Which brings me to my granddaughter Carly. We light up when we see each other. I've mostly given up sharing things I know with her. We both get more out of our time together when I experience what she shares with me. I like being childlike alongside her. Problems I'm working on seem smaller when I see them as I think Carly might. No pane, no gain.

 

Tuesday, December 15, 2015

Experience It

PROLOGUE

Bored, the boy took off his watch and began fiddling with it whilst the teacher droned on about predicates. Turning his head he gazed out the window at the concrete playground. Lost in a daydream playing ball with his friends his watch, somehow, found its way into the cuff of his uniform pants. "Five more minutes. Please God make the time go faster." the boy prayed as he stared at the clock high up on the wall. "My watch! Where did it go?" he thought as he sat up suddenly, his face worried. His right arm shot up, hand waving frantically trying to gain the teacher's attention.

LEARNERS EXPERIENCE LOSS EVERY DAY

This actually happened. A few days after Christmas Break in 1969 I lost my watch. The sister, at Our Lady of Guadalupe School teachers were nuns of the Incarnate Word Order, when she noticed my raised hand smiled. Maybe she thought I was going to ask a question predicated on predicates? Sadly, we'll never know. What I do know, much to my embarrassment, was what happened next. After I told her I'd lost my watch she asked the class to help look for it. Before anyone could start Peter, sitting at his desk in the row next to mine said "He stuffed it into his pants cuff a few minutes go." What do you think happened next?

Sketch of an online student hunched over a desk with a door open to the night in the background

I learned lots of stuff in school. Reflecting on my experience now, so many years later, it surprises me that I did. I mean so much of the time in class I was daydreaming.

Fast forward to now: I finished watching George Saunders: On Story. My takeaway from his talk, I watched it several times, is that story is experience boxed up. Opening the story exposes someone to wonder. Being individuals we appreciate the story based on our experience. So I reflected on this a little more and connected some dots.
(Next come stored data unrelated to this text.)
Lemma F_in_s a : F a \in s. Proof. exact/s_facets/facetF. Qed.

Lemma index_F_neq a b x : yv x \in J a -> yv x \notin J b -> index (F a) s != index (F b) s.
Proof.
move=> xa; apply: contraNneq => E.
by rewrite -yv_in_F -(nth_index set0 (F_in_s b)) -E nth_index ?F_in_s // yv_in_F.
Qed.

Lemma shelling_step a b : index (F b) s < index (F a) s ->
  exists2 v, v \in J a :\: J b & exists2 l, l < index (F a) s &
    [/\ facet face (nth set0 s l), F a :\ v \subset nth set0 s l & ~~ (nth set0 s l \subset F a)].
Proof.
move=> ba; have a_s : index (F a) s < size s by rewrite index_mem F_in_s.
have [v [vab [l [la Hl]]]] := s_shell ba a_s.
rewrite !nth_index ?F_in_s // in vab Hl.
have Hfacet : facet face (nth set0 s l) by apply/s_facets; rewrite mem_nth // (ltn_trans la).
exists v.
  case/setDP: vab; rewrite !in_setU => + /norP[/norP[nKs nX] nJb].
  by rewrite (negbTE nKs) (negbTE nX) => vJa; apply/setDP.
exists l => //; split => //.
  apply/subsetP => w /setD1P[wv wF]; apply/negPn/negP => wH.
  have : w \in F a :\: nth set0 s l by rewrite in_setD wH.
  by rewrite Hl inE (negbTE wv).
apply/negP => HF; have EH := Hfacet.2 _ (@faceF a) HF.
have l_s : l < size s := ltn_trans la a_s.
by move: la; rewrite EH index_uniq ?ltnn.
Qed.

Lemma shelling_exchange a b : index (F b) s < index (F a) s ->
  n = k.*2.+1 /\
  (yv a \notin J b /\ index (F (a + 2)) s < index (F a) s \/
   yv (a + (k.*2 - 2)) \notin J b /\ index (F (a + (k.*2 - 1))) s < index (F a) s).
Proof.
move=> ba; have [v /setDP[vJa vJb] [l la [Hfacet sFH nHF]]] := shelling_step ba.
have l_s : l < size s by rewrite (ltn_trans la) // index_mem F_in_s.
have [nk [[Ev EH] | [Ev EH]]] := F_neighbour Hfacet vJa sFH nHF.
  by split => //; left; rewrite -Ev -EH index_uniq.
by split => //; right; rewrite -Ev -EH index_uniq.
Qed.

Lemma no_last_F c : ~ (forall a, index (F a) s <= index (F c) s).
Proof.
move=> c_last.
have before a x : yv x \in J c -> yv x \notin J a -> index (F a) s < index (F c) s.
  by move=> xc xa; rewrite ltn_neqAle c_last andbT eq_sym (index_F_neq xc xa).
(* [F (c + 1)] precedes [F c], so the exchange lemma already forces [n] odd. *)
have nk : n = k.*2.+1.
  apply: (shelling_exchange (@before (c + 1) c _ _)).1.
    by rewrite -{1}(addn0 c) mem_J //; [lia | exact: n_gt0].
  by rewrite -(@yv_wrap (c + 1 + (n - 1)) c) ?mem_J; lia.
have k3 : 3 <= k by case: n_ne35 => /eqP n3 /eqP n5; lia.
have F_c x : x = c + n -> F x = F c by move=> ->; rewrite F_wrap.
(* Here [c + (k.*2 - 1)] stands for [c - 2]. *)
case: (ltngtP (index (F (c + 2)) s) (index (F (c + (k.*2 - 1))) s)) => [AB | BA | AB].
- have [_ [[_ lt_B] | [yB _]]] := shelling_exchange AB.
    by move: lt_B; rewrite F_c; [rewrite ltnNge c_last | lia].
  by move: yB; rewrite (@yv_wrap _ (c + 2 + (k.*2 - 6))) ?mem_J; lia.
- have [_ [[yA _] | [_ lt_A]]] := shelling_exchange BA.
    by move: yA; rewrite -(@yv_wrap (c + (k.*2 - 1) + 4) (c + 2)) ?mem_J; lia.
  by move: lt_A; rewrite F_c; [rewrite ltnNge c_last | lia].
- move/eqP: AB; apply/negP; apply: (@index_F_neq _ _ (c + k.*2)).
    by rewrite (_ : c + k.*2 = c + 2 + (k.*2 - 2)) ?mem_J; lia.
  by rewrite (_ : c + k.*2 = c + (k.*2 - 1) + 1) ?mem_J; lia.
Qed.
(* Let $G$ and $H$ be connected nontrivial graphs of orders $n_1$ and $n_2$, respectively. If the vertex set of $G_{SR}$ can be partitioned into $\beta(G_{SR})$ cliques, then $$dim_s(G\boxtimes H) = n_2\cdot dim_s(G) + n_1\cdot dim_s(H) - dim_s(G)\cdot dim_s(H).$$
   Context: For a connected graph $G$ with shortest-path distance $d_G$, a vertex $w$ strongly resolves $u,v$ if $d_G(w,u)=d_G(w,v)+d_G(v,u)$ or $d_G(w,v)=d_G(w,u)+d_G(u,v)$; $dim_s(G)$ is the minimum cardinality of a set $S\subseteq V(G)$ such that every pair of vertices is strongly resolved by some vertex of $S$. A vertex $u$ is maximally distant from $v$ if every neighbor $w$ of $u$ satisfies $d_G(v,w)\le d_G(u,v)$; $u,v$ are mutually maximally distant if each is maximally distant from the other. The strong resolving graph $G_{SR}$ has vertex set $V(G)$, with $u,v$ adjacent iff mutually maximally distant in $G$. $\beta$ denotes the independence number; a clique is a set of pairwise adjacent vertices. The strong product $G\boxtimes H$ has vertex set $V(G)\times V(H)$, with $(a,b)\sim(c,d)$ iff ($a=c$ and $bd\in E(H)$) or ($ac\in E(G)$ and $b=d$) or ($ac\in E(G)$ and $bd\in E(H)$). Nontrivial means at least two vertices. *)

From mathcomp Require Import all_boot.
Set Implicit Arguments. Unset Strict Implicit. Unset Printing Implicit Defensive.

Section Graphs.
Variable T : finType.
Variable e : rel T.

Definition simple_graph := symmetric e /\ irreflexive e.
Definition connected_graph := forall x y : T, connect e x y.

Fixpoint reach (k : nat) (x : T) : {set T} :=
  match k with
  | 0 => [set x]
  | k'.+1 => reach k' x :|: [set z | [exists y in reach k' x, e y z]]
  end.

(* shortest-path distance: least k with y reachable in <= k steps
   (any shortest path has length < #|T|; value #|T| only if unreachable) *)
Definition dist (x y : T) : nat := find (fun k => y \in reach k x) (iota 0 #|T|).

Definition strongly_resolves (w u v : T) : bool :=
  (dist w u == dist w v + dist v u) || (dist w v == dist w u + dist u v).

Definition strong_resolving_set (S : {set T}) : bool :=
  [forall u, forall v, (u != v) ==> [exists w in S, strongly_resolves w u v]].

Definition sdim : nat :=
  #|[arg min_(S < setT | strong_resolving_set S) #|S|]|.

Definition max_distant (u v : T) : bool :=
  [forall w, e u w ==> (dist v w <= dist u v)].

Definition mutually_max_distant (u v : T) : bool :=
  max_distant u v && max_distant v u.

End Graphs.

Definition strong_resolving_graph (T : finType) (e : rel T) : rel T :=
  fun u v => mutually_max_distant e u v.

Section Sets.
Variable T : finType.
Variable a : rel T.

Definition independent_set (S : {set T}) : bool :=
  [forall u in S, forall v in S, (u != v) ==> ~~ a u v].

Definition clique (S : {set T}) : bool :=
  [forall u in S, forall v in S, (u != v) ==> a u v].

Definition indep_number : nat :=
  #|[arg max_(S > set0 | independent_set S) #|S|]|.

Definition clique_partitionable (k : nat) : Prop :=
  exists P : {set {set T}},
    [/\ partition P [set: T], #|P| = k & forall C, C \in P -> clique C].
End Sets.

Definition strong_product (T1 T2 : finType) (e1 : rel T1) (e2 : rel T2)
  : rel (T1 * T2) :=
  fun x y =>
    [|| (x.1 == y.1) && e2 x.2 y.2,
        e1 x.1 y.1 && (x.2 == y.2)
      | e1 x.1 y.1 && e2 x.2 y.2].

(* The strong resolving sets of a graph are exactly the vertex covers of its strong
   resolving graph (a vertex strongly resolving two mutually maximally distant vertices
   must be one of them, and every pair is strongly resolved by both ends of a longest
   geodesic through it), so dim_s(G) = n - beta(G_SR).  Distances in G ⊠ H are maxima
   of the coordinate distances; hence a pair of the product whose coordinate pairs are
   each equal or mutually maximally distant is mutually maximally distant, and a mutually
   maximally distant pair of the product is so in the coordinate of larger distance.
   Products of independent sets are then independent in (G ⊠ H)_SR, while an
   independent set of (G ⊠ H)_SR meets the fibre of each clique of G_SR in at most
   beta(H_SR) vertices; with beta(G_SR) cliques covering G_SR this gives
   beta((G ⊠ H)_SR) = beta(G_SR) * beta(H_SR), and the formula is arithmetic. *)

From mathcomp Require Import all_boot zify.
Set Implicit Arguments. Unset Strict Implicit. Unset Printing Implicit Defensive.

Section IndependentSets.
Variables (T : finType) (a : rel T).

Definition vertex_cover (S : {set T}) :=
  forall u v, u != v -> a u v -> (u \in S) || (v \in S).

Lemma independent_setC S : independent_set a (~: S) <-> vertex_cover S.
Proof.
split=> [/forall_inP indS u v u_v a_uv | coverS].
  apply/negPn/negP; rewrite negb_or => /andP[uS vS].
  have /indS/forall_inP/(_ v) : u \in ~: S by rewrite inE uS.
  by rewrite inE vS u_v a_uv => /(_ isT).
apply/forall_inP => u; rewrite inE => uS; apply/forall_inP => v; rewrite inE => vS.
apply/implyP => u_v; apply/negP => a_uv.
by have := coverS u v u_v a_uv; rewrite (negbTE uS) (negbTE vS).
Qed.

Lemma independent_set0 : independent_set a set0.
Proof. by apply/forall_inP => u; rewrite inE. Qed.

Lemma indep_number_max I : independent_set a I -> #|I| <= indep_number a.
Proof. by rewrite /indep_number; case: arg_maxnP => [|J _]; [exact: independent_set0 | apply]. Qed.

Lemma indep_numberP : exists2 I, independent_set a I & #|I| = indep_number a.
Proof.
rewrite /indep_number; case: arg_maxnP => [|J indJ _]; first exact: independent_set0.
by exists J.
Qed.

Lemma indep_number_le_card : indep_number a <= #|T|.
Proof. by have [I _ <-] := indep_numberP; apply: max_card. Qed.

Lemma independent_setP I x y :
  independent_set a I -> x \in I -> y \in I -> x != y -> ~~ a x y.
Proof. by move=> /forall_inP indI xI yI; move/forall_inP/(_ y yI)/implyP: (indI x xI). Qed.

Lemma cliqueP C x y : clique a C -> x \in C -> y \in C -> (x == y) || a x y.
Proof.
move=> /forall_inP clC xC yC; case: eqVneq => //= x_y.
by move/forall_inP/(_ y yC)/implyP: (clC x xC); apply.
Qed.

End IndependentSets.

Section Distance.
Variables (T : finType) (e : rel T).
Hypothesis esym : symmetric e.
Hypothesis econn : connected_graph e.
Local Notation d := (dist e).

Lemma in_reachS k x y :
  (y \in reach e k.+1 x) = (y \in reach e k x) || [exists z in reach e k x, e z y].
Proof. by rewrite /= in_setU inE. Qed.

Lemma subset_reach k m x : k <= m -> reach e k x \subset reach e m x.
Proof.
elim: m => [|m IHm]; first by rewrite leqn0 => /eqP ->.
rewrite leq_eqVlt => /orP[/eqP -> //|/IHm sub_km].
by apply: subset_trans sub_km _; apply/subsetP => y yk; rewrite in_reachS yk.
Qed.

Lemma last_in_reach x p : path e x p -> last x p \in reach e (size p) x.
Proof.
elim/last_ind: p => [|p z IHp]; first by rewrite /= inE.
rewrite rcons_path last_rcons size_rcons in_reachS => /andP[/IHp p_in e_pz].
by apply/orP; right; apply/existsP; exists (last x p); rewrite p_in.
Qed.

(* A shortest walk repeats no vertex, so it has fewer than #|T| steps. *)
Lemma reach_lt_card x y : exists2 k, k < #|T| & y \in reach e k x.
Proof.
have /connectP[p p_path ->] := econn x y.
have [q q_path q_uniq _] := shortenP p_path.
exists (size q); last exact: last_in_reach.
by have := max_card (mem (x :: q)); move/card_uniqP: q_uniq => ->.
Qed.

Lemma mem_reach k x y : (y \in reach e k x) = (d x y <= k).
Proof.
rewrite /dist; set P := fun k => y \in reach e k x.
have [k0 k0_lt k0_reach] := reach_lt_card x y.
have hasP : has P (iota 0 #|T|) by apply/hasP; exists k0; rewrite ?mem_iota.
have find_lt : find P (iota 0 #|T|) < #|T| by rewrite -[X in _ < X](size_iota 0) -has_find.
have := nth_find 0 hasP; rewrite nth_iota // add0n => P_find.
apply/idP/idP => [y_reach | /subset_reach/subsetP]; last exact.
rewrite leqNgt; apply/negP => lt_k.
have := before_find 0 lt_k; rewrite nth_iota ?add0n ?/P ?y_reach //.
exact: ltn_trans find_lt.
Qed.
What if an online learning experience was more about story than facts? I'm taking HumanMOOC at the moment. I'm learning how to make online learning experiences a bit more learner friendly and engaging. The course is presented in two modalities that I don't completely understand. One is instructor directed whilst the other, I think, is learner directed. As usual in school the subject matter is chunked into lessons or modules the thought of which makes me shudder. They're artificial structures designed to make it easier for.. sorry, I'm going off on a tangent that has nothing to do with my story.

Except that it does. When a student is engaged in her learner experience hours can seem to pass in a blink. In this MOOC I'm put off by the structure of the first modality and confused by the second. The dissonance I feel makes me seek a third learning mode: rhizomatic learning. It's where I come up with a question and go in search of stuff. Sometimes I find answers. Most of the time what I find is more questions.

This is where the magic happens. Rather than poring over media the course designer and/or instructor thinks will provide learning I go on my own way. I don't believe it's serendipitous. It's purpose driven. It's my purpose that motivates me to go out and learn based on my own needs via my own resources.

EPILOGUE

My face, I'm told, flushed the deep red associated with life-threatening embarrassment as sister bent down to retrieve the watch from my pants-cuff. Geez that memory comes back so clearly despite the passing of almost 50 years. How might we leverage story to build life-lasting knowledge and skill? Might it encourage learners to open a door and, curious, go out into the night and experience it?